Josias Teófilo na Crusoé: A ditadura da informalidade
Pensamento que põe tudo o que é marginal no centro da cultura brasileira não parou até hoje e está na origem do esquecimento de importantes artistas
Joaquim Pedro de Andrade, quando era um jovem cineasta, no final dos anos 1950, fez um documentário sobre Manuel Bandeira e Gilberto Freyre financiado pelo Instituto Nacional do Livro. O filme, chamado inicialmente de O Mestre de Apipucos e O Poeta do Castelo (1959), mostrava os dois personagens em seus respectivos lares, com narração em off.

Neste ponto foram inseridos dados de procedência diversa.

(* Let $N\ge1$, $f:\mathbb{N}^N\to\mathbb{N}$, $p$ a prime, and $k=\sum_{j=0}^r k_jp^j$ with $0\le k_j<p$. Let $\boldsymbol{\ell}\in\mathbb{N}^N$. Then $$\binom{k}{\boldsymbol{\ell}}_f\equiv\sum_{(\mathbf{m}_0,\dots,\mathbf{m}_r)}\prod_{i=0}^r\binom{k_i}{\mathbf{m}_i}_f\pmod p,$$ where the sum is over all $(\mathbf{m}_0,\dots,\mathbf{m}_r)\in(\mathbb{N}^N)^{r+1}$ with $\mathbf{m}_0+\mathbf{m}_1p+\cdots+\mathbf{m}_rp^r=\boldsymbol{\ell}$.
   Context: $\mathbb{N}=\{0,1,2,\dots\}$. For $k\ge0$ and $\mathbf{x}\in\mathbb{N}^N$, $\binom{k}{\mathbf{x}}_f=\sum_{\mathbf{m}_1+\cdots+\mathbf{m}_k=\mathbf{x}} f(\mathbf{m}_1)\cdots f(\mathbf{m}_k)$ over tuples of vectors in $\mathbb{N}^N$. *)

From mathcomp Require Import all_boot.
Set Implicit Arguments. Unset Strict Implicit. Unset Printing Implicit Defensive.

Definition vecN (N : nat) := {ffun 'I_N -> nat}.

(* Largest coordinate of x: every summand of a decomposition of x is bounded by it. *)
Definition vbound (N : nat) (x : vecN N) : nat := \max_(j < N) x j.

Definition bvec (N b : nat) := {ffun 'I_N -> 'I_b.+1}.
Definition bvec_val (N b : nat) (m : bvec N b) : vecN N := [ffun j => (m j : nat)].

(* binom_f k x = sum over (m_1,...,m_k) in (N^N)^k with m_1+...+m_k = x of
   f(m_1)...f(m_k).  Summands m_i of such a tuple satisfy m_i <= x
   coordinatewise, so restricting coordinates to [0, vbound x] loses nothing. *)
Definition binomf (N : nat) (f : vecN N -> nat) (k : nat) (x : vecN N) : nat :=
  \sum_(t : {ffun 'I_k -> bvec N (vbound x)}
          | [forall j : 'I_N, \sum_(i < k) (t i j : nat) == x j])
     \prod_(i < k) f (bvec_val (t i)).

Definition lucas_rhs (N : nat) (f : vecN N -> nat) (p r : nat) (kd : nat -> nat)
  (l : vecN N) : nat :=
  \sum_(t : {ffun 'I_r.+1 -> bvec N (vbound l)}
          | [forall j : 'I_N, \sum_(i < r.+1) (t i j : nat) * p ^ i == l j])
     \prod_(i < r.+1) binomf f (kd i) (bvec_val (t i)).

From mathcomp Require Import all_boot all_algebra.
From mathcomp Require Import finfield mpoly.
Set Implicit Arguments. Unset Strict Implicit. Unset Printing Implicit Defensive.
Import GRing.Theory.
Local Open Scope ring_scope.

(* Let G_f = sum_m f(m) X^m in F_p[X_1, ..., X_N], truncated to a box large
   enough for the coefficient at hand.  Then binom_f(k, x) is the coefficient
   of X^x in G_f^k, and the truncation of G_f^k is G_(binom_f(k, .)).  Writing
   k = sum_i k_i p^i, G_f^k = prod_i (G_f^(k_i))^(p^i), and in characteristic p
   the Frobenius map sends G_g = sum_m g(m) X^m to sum_m g(m) X^(p m), since
   c^p = c for c in F_p.  Reading off the coefficient of X^l gives the
   right-hand side. *)

Section GeneratingPolynomial.
Variables (R : comNzRingType) (N : nat).
Local Notation poly := {mpoly R[N]}.

Definition mnm_of_vec (x : vecN N) : 'X_{1..N} := [multinom x j | j < N].

Lemma mnm_of_vecK (y : 'X_{1..N}) : mnm_of_vec [ffun j => y j] = y.
Proof. by apply/mnmP => j; rewrite mnmE ffunE. Qed.

Lemma eq_mnm_of_bvec_sum n b (w : 'I_n -> nat) (t : 'I_n -> bvec N b) (x : vecN N) :
  ((\sum_(i < n) mnm_of_vec (bvec_val (t i)) *+ w i)%MM == mnm_of_vec x)
  = [forall j, \sum_(i < n) t i j * w i == x j]%N.
Proof.
have sumE j : ((\sum_(i < n) mnm_of_vec (bvec_val (t i)) *+ w i)%MM j
               = \sum_(i < n) t i j * w i)%N.
  by rewrite mnm_sumE; apply: eq_bigr => i _; rewrite mulmnE mnmE ffunE.
apply/eqP/forallP => [sum_eq j | H]; first by rewrite -sumE sum_eq mnmE.
by apply/mnmP => j; rewrite sumE mnmE (eqP (H j)).
Qed.

Lemma mcoeff_prod_sum n b (c : 'I_n -> bvec N b -> R)
    (e : 'I_n -> bvec N b -> 'X_{1..N}) y :
  (\prod_(i < n) \sum_(m : bvec N b) c i m *: ('X_[e i m] : poly))@_y =
  \sum_(t : {ffun 'I_n -> bvec N b} | (\sum_(i < n) e i (t i))%MM == y)
     \prod_(i < n) c i (t i).
Proof.
rewrite bigA_distr_bigA /= raddf_sum [RHS]big_mkcond /=; apply: eq_bigr => t _.
rewrite scaler_prod -(big_morph _ (@mpolyXD _ _) (@mpolyX0 _ _)) mcoeffZ mcoeffX.
by case: eqP; rewrite ?mulr1 ?mulr0.
Qed.

Definition gen_mpoly b (g : vecN N -> nat) : poly :=
  \sum_(m : bvec N b) (g (bvec_val m))%:R *: 'X_[mnm_of_vec (bvec_val m)].

Lemma mcoeff_gen_mpoly b g (x : vecN N) :
  (forall j, x j <= b)%N -> (gen_mpoly b g)@_(mnm_of_vec x) = (g x)%:R.
Proof.
move=> x_le_b; pose mx : bvec N b := [ffun j => inord (x j)].
have mxE : bvec_val mx = x by apply/ffunP => j; rewrite !ffunE inordK ?ltnS.
rewrite raddf_sum (bigD1 mx) //= big1 => [|m m_neq].
  by rewrite mcoeffZ mcoeffX mxE eqxx mulr1 addr0.
rewrite mcoeffZ mcoeffX; case: eqP => [/mnmP eq_m|]; last by rewrite mulr0.
case/eqP: m_neq; apply/ffunP => j; apply: val_inj.
by have := eq_m j; rewrite /= !mnmE !ffunE inordK ?ltnS.
Qed.

Lemma vbound_ge (x : vecN N) j : (x j <= vbound x)%N.
Proof. exact: (leq_bigmax_cond (F := fun j => x j)). Qed.

Lemma binomf_mcoeff f k (x : vecN N) :
  (binomf f k x)%:R = ((gen_mpoly (vbound x) f) ^+ k)@_(mnm_of_vec x).
Proof.
rewrite -[k in _ ^+ k]card_ord -prodr_const mcoeff_prod_sum /binomf natr_sum.
apply: eq_big => [t|t _]; last by rewrite natr_prod.
under eq_bigr do rewrite -[mnm_of_vec _]mulm1n.
rewrite eq_mnm_of_bvec_sum; apply: eq_forallb => j.
by congr (_ == _); apply: eq_bigr => i _; rewrite muln1.
Qed.

Definition coef_eq_upto b (P Q : poly) :=
  forall y : 'X_{1..N}, (forall j, y j <= b)%N -> P@_y = Q@_y.

Lemma coef_eq_uptoM b P P' Q Q' :
  coef_eq_upto b P P' -> coef_eq_upto b Q Q' -> coef_eq_upto b (P * Q) (P' * Q').
Proof.
move=> eqPP' eqQQ' y y_le_b; rewrite !mcoeffM; apply: eq_bigr => k /eqP y_eq.
have le_b j : (k.1 j + k.2 j <= b)%N by rewrite -mnmDE -y_eq.
by rewrite eqPP' ?eqQQ' // => j; apply: leq_trans (le_b j); rewrite ?leq_addl ?leq_addr.
Qed.

Lemma coef_eq_upto_prod b n (P Q : 'I_n -> poly) :
  (forall i, coef_eq_upto b (P i) (Q i)) ->
  coef_eq_upto b (\prod_(i < n) P i) (\prod_(i < n) Q i).
Proof. by move=> eqPQ; elim/big_ind2: _ => // *; apply: coef_eq_uptoM. Qed.

Lemma coef_eq_uptoX b P Q n : coef_eq_upto b P Q -> coef_eq_upto b (P ^+ n) (Q ^+ n).
Proof.
by move=> eqPQ; rewrite -[n]card_ord -!prodr_const; apply: coef_eq_upto_prod.
Qed.

Lemma gen_mpoly_shrink g b c :
  (c <= b)%N -> coef_eq_upto c (gen_mpoly b g) (gen_mpoly c g).
Proof.
move=> c_le_b y y_le_c; rewrite -(mnm_of_vecK y).
by rewrite !mcoeff_gen_mpoly // => j; rewrite ffunE // (leq_trans (y_le_c j)).
Qed.

Lemma gen_mpolyX f b k :
  coef_eq_upto b ((gen_mpoly b f) ^+ k) (gen_mpoly b (binomf f k)).
Proof.
move=> y y_le_b; rewrite -(mnm_of_vecK y) mcoeff_gen_mpoly; last first.
  by move=> j; rewrite ffunE.
set x := [ffun j => y j].
have x_le_b : (vbound x <= b)%N by apply/bigmax_leqP => j _; rewrite ffunE.
rewrite binomf_mcoeff; apply: coef_eq_uptoX; first exact: gen_mpoly_shrink.
by move=> j; rewrite mnmE vbound_ge.
Qed.

End GeneratingPolynomial.

Arguments gen_mpoly {R N}.

Section Frobenius.
Variables (N p : nat).
Hypothesis p_pr : prime p.
Local Notation poly := {mpoly 'F_p[N]}.

Lemma gen_mpolyXp b g i : (gen_mpoly b g : poly) ^+ (p ^ i) =
  \sum_(m : bvec N b) (g (bvec_val m))%:R *: 'X_[(mnm_of_vec (bvec_val m) *+ p ^ i)%MM].
Proof.
have pchar_poly : p \in [pchar poly] := rmorph_pchar (@mpolyC N _) (pchar_Fp p_pr).
have pnat_pi : [pchar poly].-nat (p ^ i)%N.
  by rewrite (eq_pnat _ (pcharf_eq pchar_poly)) pnatX pnat_id.
have Fp_fermat (c : 'F_p) : c ^+ (p ^ i) = c.
  elim: i {pnat_pi} => [|i IHi]; first exact: expr1.
  by rewrite expnSr exprM IHi -[p in c ^+ p](card_Fp p_pr) expf_card.
have zeroX : (0 : poly) ^+ (p ^ i) = 0 by rewrite expr0n expn_eq0 eqn0Ngt prime_gt0.
rewrite (big_morph _ (fun P Q => exprDn_pchar P Q pnat_pi) zeroX).
by apply: eq_bigr => m _; rewrite exprZn Fp_fermat mpolyXn.
Qed.

Lemma binomf_digits_Fp (f : vecN N -> nat) r (kd : nat -> nat) (l : vecN N) :
  (binomf f (\sum_(j < r.+1) kd j * p ^ j) l)%:R = (lucas_rhs f p r kd l)%:R :> 'F_p.
Proof.
rewrite binomf_mcoeff expr_sum; under eq_bigr do rewrite exprM.
transitivity ((\prod_(j < r.+1) (gen_mpoly (vbound l) (binomf f (kd j)) : poly) ^+ (p ^ j))
                @_(mnm_of_vec l)).
  apply: (coef_eq_upto_prod (b := vbound l)) => [j|j].
    exact/coef_eq_uptoX/gen_mpolyX.
  by rewrite mnmE vbound_ge.
under eq_bigr do rewrite gen_mpolyXp.
rewrite mcoeff_prod_sum /lucas_rhs natr_sum.
apply: eq_big => [t|t _]; last by rewrite natr_prod.
exact: eq_mnm_of_bvec_sum.
Qed.

End Frobenius.

Local Close Scope ring_scope.

Theorem theorem13 (N : nat) (f : vecN N -> nat) (p r : nat) (kd : nat -> nat)
  (l : vecN N) :
  1 <= N -> prime p -> (forall j, j <= r -> kd j < p) ->
  binomf f (\sum_(j < r.+1) kd j * p ^ j) l = lucas_rhs f p r kd l %[mod p].
Proof.
move=> _ p_pr _; have := congr1 (@nat_of_ord _) (binomf_digits_Fp p_pr f r kd l).
by rewrite !val_Fp_nat.
Qed.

Porém, enquanto Manuel Bandeira morava num apartamento simples no centro do Rio de Janeiro, Gilberto Freyre habitava uma grande casa histórica no bairro de Apipucos, no Recife. E enquanto Bandeira recitava um poema, Freyre falava da sua rotina e de sua casa. Na primeira exibição do filme o contraste ficou muito evidente, Freyre foi visto como um esnobe.
À época, Gilberto Freyre escreveu um artigo comentando o curta e rebatendo as críticas que recebeu. A solução de Joaquim Pedro de Andrade foi separar o filme em dois – mas a polêmica estava instaurada. E aparentemente deixou mágoas, uma vez que Gilberto Freyre (ou sua família) não incluiu o filme no resumo biográfico publicado nos livros de sua autoria. O que, aliás, precisa ser corrigido, esses dois filmes são duas preciosidades, tanto pela relevância central dos personagens na cultura brasileira como pelo refinamento da linguagem cinematográfica.
Luciana Corrêa de Araújo escreveu no livro Joaquim Pedro de Andrade: Primeiros Tempos que o contraste entre os personagens é uma “evidente contraposição entre os dois escritores, na qual cabem a Bandeira os valores positivos”. E mais: “Seu despojamento [do poeta] ganha valoração muitos pontos acima da exuberância de Freyre, vista sob a ótica da vaidade e do elitismo”. Só que a interpretação da pesquisadora não encontra confirmação em nenhum comentário de Joaquim Pedro. Na verdade, ele trata Freyre – que era amigo pessoal do seu pai, o criador do Iphan, Rodrigo Melo Franco de Andrade – com grande reverência, chamando-o de “mestre”. E no final da vida escreveu um roteiro baseado em Casa Grande & Senzala, com autorização do mestre, e o filme não foi realizado apenas porque ele adoeceu e veio a falecer.